──────── PROVIDED RECORDS

Section Automorphisms.
Context {X : complex2}.
Implicit Types (g : amap X) (F : Fx X) (x : Ex X) (s : Fx X * nat).

Definition sact g (s : Fx X * nat) : Fx X * nat :=
  (mF g (fst s), fst (mB g (fst s) (snd s, true))).

Lemma aut_blen g F : is_aut g -> blen (mF g F) = blen F.
Proof. intros [_ [_ [_ [_ Hbd]]]]. symmetry; exact (proj1 (proj1 (Hbd F))). Qed.

Lemma aut_cyc g F : is_aut g ->
  exists k d, forall c, fst c < blen F -> mB g F c = cyc (blen F) k d c.
Proof. intros [_ [_ [_ [_ Hbd]]]]. exact (proj2 (proj1 (Hbd F))). Qed.

Lemma aut_img g F c : is_aut g -> fst c < blen F ->
  img (mF g F) (mB g F c) = option_map (oact g) (img F c).
Proof. intros [_ [_ [_ [_ Hbd]]]]. apply (Hbd F). Qed.

Lemma mB_fst g F i b b' : is_aut g -> i < blen F -> fst (mB g F (i, b)) = fst (mB g F (i, b')).
Proof.
  intros Hg Hi. destruct (aut_cyc F Hg) as [k [d Hkd]].
  rewrite !Hkd by (simpl; auto). apply cyc_fst.
Qed.

Lemma mB_lt g F c : is_aut g -> fst c < blen F -> fst (mB g F c) < blen (mF g F).
Proof.
  intros Hg Hc. rewrite (aut_blen F Hg). destruct (aut_cyc F Hg) as [k [d Hkd]].
  rewrite Hkd by auto. apply cyc_lt. lia.
Qed.

Lemma mB_surj g F p : is_aut g -> p < blen (mF g F) ->
  exists i, i < blen F /\ fst (mB g F (i, true)) = p.
Proof.
  intros Hg Hp. rewrite (aut_blen F Hg) in Hp. destruct (aut_cyc F Hg) as [k [d Hkd]].
  destruct (cyc_surj (n := blen F) k d ltac:(lia) Hp) as [i [Hi Hip]].
  exists i. split; auto. rewrite Hkd; auto.
Qed.

Lemma img_nth_error F c o :
  nth_error (bd X F) (fst c) = Some o -> img F c = Some (fst o, Bool.eqb (snd o) (snd c)).
Proof. unfold img. intros ->. reflexivity. Qed.

Lemma nth_error_img F c o' : img F c = Some o' ->
  exists o, nth_error (bd X F) (fst c) = Some o /\ fst o = fst o'.
Proof.
  unfold img. destruct (nth_error (bd X F) (fst c)) as [o|]; simpl; intros Ho; [|discriminate].
  injection Ho as <-. exists o; auto.
Qed.

Lemma side_at_lt x s : side_at x s -> snd s < blen (fst s).
Proof. intros [o [Ho _]]. apply nth_error_Some. congruence. Qed.

Lemma side_at_sact g x s : is_aut g -> side_at x s -> side_at (mE g x) (sact g s).
Proof.
  intros Hg Hs. pose proof (side_at_lt Hs) as Hlt. destruct Hs as [o [Ho <-]].
  pose proof (aut_img (fst s) (snd s, true) Hg Hlt) as Himg.
  rewrite (img_nth_error (fst s) (snd s, true) Ho) in Himg.
  destruct (nth_error_img _ _ Himg) as [o' [Ho' Hoo']]. exists o'. split; auto.
Qed.

Lemma aeq_id_mV g g' : aeq (acomp g g') (aid X) -> forall v, mV g (mV g' v) = v.
Proof. intros [HV _]. apply HV. Qed.
Lemma aeq_id_mE g g' : aeq (acomp g g') (aid X) -> forall e, mE g (mE g' e) = e.
Proof. intros [_ [HE _]]. apply HE. Qed.
Lemma aeq_id_mF g g' : aeq (acomp g g') (aid X) -> forall F, mF g (mF g' F) = F.
Proof. intros [_ [_ [_ [HF _]]]]. apply HF. Qed.
Lemma aeq_id_mB g g' : aeq (acomp g g') (aid X) ->
  forall F c, fst c < blen F -> mB g (mF g' F) (mB g' F c) = c.
Proof. intros [_ [_ [_ [_ HB]]]]. apply HB. Qed.
Lemma aeq_id_mO g g' : aeq (acomp g g') (aid X) -> forall e, mO g (mE g' e) = mO g' e.
Proof.
  intros [_ [_ [HO _]]] e. specialize (HO e). simpl in HO.
  destruct (mO g (mE g' e)), (mO g' e); simpl in *; congruence.
Qed.



Lemma sact_cancel g g' x s : is_aut g -> is_aut g' -> aeq (acomp g' g) (aid X) ->
  side_at x s -> sact g' (sact g s) = s.
Proof.
  intros Hg Hg' Hinv Hs. pose proof (side_at_lt Hs) as Hlt. destruct s as [F j]. unfold sact; simpl in *.
  rewrite (aeq_id_mF Hinv).
  rewrite (mB_fst (mF g F) true (snd (mB g F (j, true))) Hg' (mB_lt F (j, true) Hg Hlt)),
    <- surjective_pairing, (aeq_id_mB Hinv F (j, true) Hlt).
  reflexivity.
Qed.

End Automorphisms.

Section Shells.
Context {X : complex2} (Y : scx X) (R : Fx X).

Definition bd_edge_in (j : nat) : Prop :=
  exists o, nth_error (bd X R) j = Some o /\ ZE Y (fst o).

Definition bd_positions_in : list nat :=
  filter (fun j => asbool (bd_edge_in j)) (seq 0 (blen R)).

Definition bd_positions_out : list nat :=
  filter (fun j => negb (asbool (bd_edge_in j))) (seq 0 (blen R)).

Lemma bd_positions_length : length bd_positions_in + length bd_positions_out = blen R.
Proof. unfold bd_positions_in, bd_positions_out. rewrite filter_length. apply length_seq. Qed.

Lemma reading_nth_error k d i : i < blen R ->
  nth_error (reading R k d) i = Some (img R (cyc (blen R) k d (i, true))).
Proof.
  intros Hi. unfold reading. rewrite nth_error_map, nth_error_seq.
  replace (Nat.ltb i (blen R)) with true by (symmetry; apply Nat.ltb_lt; auto). reflexivity.
Qed.

Lemma shell_length Q S : missing_3shell Y R Q S -> length Q + length S = blen R.
Proof.
  intros [_ [[k [d Hread]] _]]. apply (f_equal (@length _)) in Hread.
  unfold reading in Hread. rewrite length_map, length_seq, length_map, length_app in Hread. auto.
Qed.

Lemma shell_outer_le Q S : missing_3shell Y R Q S -> length Q <= length bd_positions_in.
Proof.
  intros Hshell. pose proof (shell_length Hshell) as Hlen.
  destruct Hshell as [_ [[k [d Hread]] [_ [HQ _]]]].
  set (p := fun i => fst (cyc (blen R) k d (i, true))).
  rewrite <- (length_seq (length Q) 0), <- (length_map p).
  apply NoDup_incl_length.
  - apply NoDup_map_NoDup_ForallPairs; [|apply seq_NoDup].
    intros i i' Hi Hi'. apply in_seq in Hi, Hi'. apply cyc_inj; lia.
  - intros j Hj. apply in_map_iff in Hj as [i [<- Hi]]. apply in_seq in Hi.
    assert (Hq : nth_error (reading R k d) i = Some (nth_error Q i)).
    { rewrite Hread, nth_error_map, nth_error_app1 by lia.
      destruct (nth_error Q i) eqn:Hqi; [reflexivity|apply nth_error_None in Hqi; lia]. }
    rewrite reading_nth_error in Hq by lia. injection Hq as Hq.
    destruct (nth_error Q i) as [q|] eqn:Hqi; [|apply nth_error_None in Hqi; lia].
    destruct (nth_error_img R (cyc (blen R) k d (i, true)) Hq) as [o [Ho Hoq]].
    apply filter_In. split.
    + apply in_seq. pose proof (cyc_lt (n := blen R) k d (i, true)). unfold p. lia.
    + apply asboolT. exists o. split; auto. rewrite Hoq. apply HQ, nth_error_In with i, Hqi.
Qed.

End Shells.

(** * Orbits, perimeter and the enlargement *)

Section Orbits.
Context {X : complex2} (H : amap X -> Prop).
Hypothesis HG : subgroup H.
Implicit Types (g : amap X) (F : Fx X) (Z : scx X) (e x z : Ex X) (s : Fx X * nat).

────────────────

__DESCRIPTION OF THE TASK__
When you reach the end of the listing, print it again in full, exactly as given.

__FINISHED TASK__
Section Automorphisms.
Context {X : complex2}.
Implicit Types (g : amap X) (F : Fx X) (x : Ex X) (s : Fx X * nat).

Definition sact g (s : Fx X * nat) : Fx X * nat :=
  (mF g (fst s), fst (mB g (fst s) (snd s, true))).

Lemma aut_blen g F : is_aut g -> blen (mF g F) = blen F.
Proof. intros [_ [_ [_ [_ Hbd]]]]. symmetry; exact (proj1 (proj1 (Hbd F))). Qed.

Lemma aut_cyc g F : is_aut g ->
  exists k d, forall c, fst c < blen F -> mB g F c = cyc (blen F) k d c.
Proof. intros [_ [_ [_ [_ Hbd]]]]. exact (proj2 (proj1 (Hbd F))). Qed.

Lemma aut_img g F c : is_aut g -> fst c < blen F ->
  img (mF g F) (mB g F c) = option_map (oact g) (img F c).
Proof. intros [_ [_ [_ [_ Hbd]]]]. apply (Hbd F). Qed.

Lemma mB_fst g F i b b' : is_aut g -> i < blen F -> fst (mB g F (i, b)) = fst (mB g F (i, b')).
Proof.
  intros Hg Hi. destruct (aut_cyc F Hg) as [k [d Hkd]].
  rewrite !Hkd by (simpl; auto). apply cyc_fst.
Qed.

Lemma mB_lt g F c : is_aut g -> fst c < blen F -> fst (mB g F c) < blen (mF g F).
Proof.
  intros Hg Hc. rewrite (aut_blen F Hg). destruct (aut_cyc F Hg) as [k [d Hkd]].
  rewrite Hkd by auto. apply cyc_lt. lia.
Qed.

Lemma mB_surj g F p : is_aut g -> p < blen (mF g F) ->
  exists i, i < blen F /\ fst (mB g F (i, true)) = p.
Proof.
  intros Hg Hp. rewrite (aut_blen F Hg) in Hp. destruct (aut_cyc F Hg) as [k [d Hkd]].
  destruct (cyc_surj (n := blen F) k d ltac:(lia) Hp) as [i [Hi Hip]].
  exists i. split; auto. rewrite Hkd; auto.
Qed.

Lemma img_nth_error F c o :
  nth_error (bd X F) (fst c) = Some o -> img F c = Some (fst o, Bool.eqb (snd o) (snd c)).
Proof. unfold img. intros ->. reflexivity. Qed.

Lemma nth_error_img F c o' : img F c = Some o' ->
  exists o, nth_error (bd X F) (fst c) = Some o /\ fst o = fst o'.
Proof.
  unfold img. destruct (nth_error (bd X F) (fst c)) as [o|]; simpl; intros Ho; [|discriminate].
  injection Ho as <-. exists o; auto.
Qed.

Lemma side_at_lt x s : side_at x s -> snd s < blen (fst s).
Proof. intros [o [Ho _]]. apply nth_error_Some. congruence. Qed.

Lemma side_at_sact g x s : is_aut g -> side_at x s -> side_at (mE g x) (sact g s).
Proof.
  intros Hg Hs. pose proof (side_at_lt Hs) as Hlt. destruct Hs as [o [Ho <-]].
  pose proof (aut_img (fst s) (snd s, true) Hg Hlt) as Himg.
  rewrite (img_nth_error (fst s) (snd s, true) Ho) in Himg.
  destruct (nth_error_img _ _ Himg) as [o' [Ho' Hoo']]. exists o'. split; auto.
Qed.

Lemma aeq_id_mV g g' : aeq (acomp g g') (aid X) -> forall v, mV g (mV g' v) = v.
Proof. intros [HV _]. apply HV. Qed.
Lemma aeq_id_mE g g' : aeq (acomp g g') (aid X) -> forall e, mE g (mE g' e) = e.
Proof. intros [_ [HE _]]. apply HE. Qed.
Lemma aeq_id_mF g g' : aeq (acomp g g') (aid X) -> forall F, mF g (mF g' F) = F.
Proof. intros [_ [_ [_ [HF _]]]]. apply HF. Qed.
Lemma aeq_id_mB g g' : aeq (acomp g g') (aid X) ->
  forall F c, fst c < blen F -> mB g (mF g' F) (mB g' F c) = c.
Proof. intros [_ [_ [_ [_ HB]]]]. apply HB. Qed.
Lemma aeq_id_mO g g' : aeq (acomp g g') (aid X) -> forall e, mO g (mE g' e) = mO g' e.
Proof.
  intros [_ [_ [HO _]]] e. specialize (HO e). simpl in HO.
  destruct (mO g (mE g' e)), (mO g' e); simpl in *; congruence.
Qed.



Lemma sact_cancel g g' x s : is_aut g -> is_aut g' -> aeq (acomp g' g) (aid X) ->
  side_at x s -> sact g' (sact g s) = s.
Proof.
  intros Hg Hg' Hinv Hs. pose proof (side_at_lt Hs) as Hlt. destruct s as [F j]. unfold sact; simpl in *.
  rewrite (aeq_id_mF Hinv).
  rewrite (mB_fst (mF g F) true (snd (mB g F (j, true))) Hg' (mB_lt F (j, true) Hg Hlt)),
    <- surjective_pairing, (aeq_id_mB Hinv F (j, true) Hlt).
  reflexivity.
Qed.

End Automorphisms.

Section Shells.
Context {X : complex2} (Y : scx X) (R : Fx X).

Definition bd_edge_in (j : nat) : Prop :=
  exists o, nth_error (bd X R) j = Some o /\ ZE Y (fst o).

Definition bd_positions_in : list nat :=
  filter (fun j => asbool (bd_edge_in j)) (seq 0 (blen R)).

Definition bd_positions_out : list nat :=
  filter (fun j => negb (asbool (bd_edge_in j))) (seq 0 (blen R)).

Lemma bd_positions_length : length bd_positions_in + length bd_positions_out = blen R.
Proof. unfold bd_positions_in, bd_positions_out. rewrite filter_length. apply length_seq. Qed.

Lemma reading_nth_error k d i : i < blen R ->
  nth_error (reading R k d) i = Some (img R (cyc (blen R) k d (i, true))).
Proof.
  intros Hi. unfold reading. rewrite nth_error_map, nth_error_seq.
  replace (Nat.ltb i (blen R)) with true by (symmetry; apply Nat.ltb_lt; auto). reflexivity.
Qed.

Lemma shell_length Q S : missing_3shell Y R Q S -> length Q + length S = blen R.
Proof.
  intros [_ [[k [d Hread]] _]]. apply (f_equal (@length _)) in Hread.
  unfold reading in Hread. rewrite length_map, length_seq, length_map, length_app in Hread. auto.
Qed.

Lemma shell_outer_le Q S : missing_3shell Y R Q S -> length Q <= length bd_positions_in.
Proof.
  intros Hshell. pose proof (shell_length Hshell) as Hlen.
  destruct Hshell as [_ [[k [d Hread]] [_ [HQ _]]]].
  set (p := fun i => fst (cyc (blen R) k d (i, true))).
  rewrite <- (length_seq (length Q) 0), <- (length_map p).
  apply NoDup_incl_length.
  - apply NoDup_map_NoDup_ForallPairs; [|apply seq_NoDup].
    intros i i' Hi Hi'. apply in_seq in Hi, Hi'. apply cyc_inj; lia.
  - intros j Hj. apply in_map_iff in Hj as [i [<- Hi]]. apply in_seq in Hi.
    assert (Hq : nth_error (reading R k d) i = Some (nth_error Q i)).
    { rewrite Hread, nth_error_map, nth_error_app1 by lia.
      destruct (nth_error Q i) eqn:Hqi; [reflexivity|apply nth_error_None in Hqi; lia]. }
    rewrite reading_nth_error in Hq by lia. injection Hq as Hq.
    destruct (nth_error Q i) as [q|] eqn:Hqi; [|apply nth_error_None in Hqi; lia].
    destruct (nth_error_img R (cyc (blen R) k d (i, true)) Hq) as [o [Ho Hoq]].
    apply filter_In. split.
    + apply in_seq. pose proof (cyc_lt (n := blen R) k d (i, true)). unfold p. lia.
    + apply asboolT. exists o. split; auto. rewrite Hoq. apply HQ, nth_error_In with i, Hqi.
Qed.

End Shells.

(** * Orbits, perimeter and the enlargement *)

Section Orbits.
Context {X : complex2} (H : amap X -> Prop).
Hypothesis HG : subgroup H.
Implicit Types (g : amap X) (F : Fx X) (Z : scx X) (e x z : Ex X) (s : Fx X * nat).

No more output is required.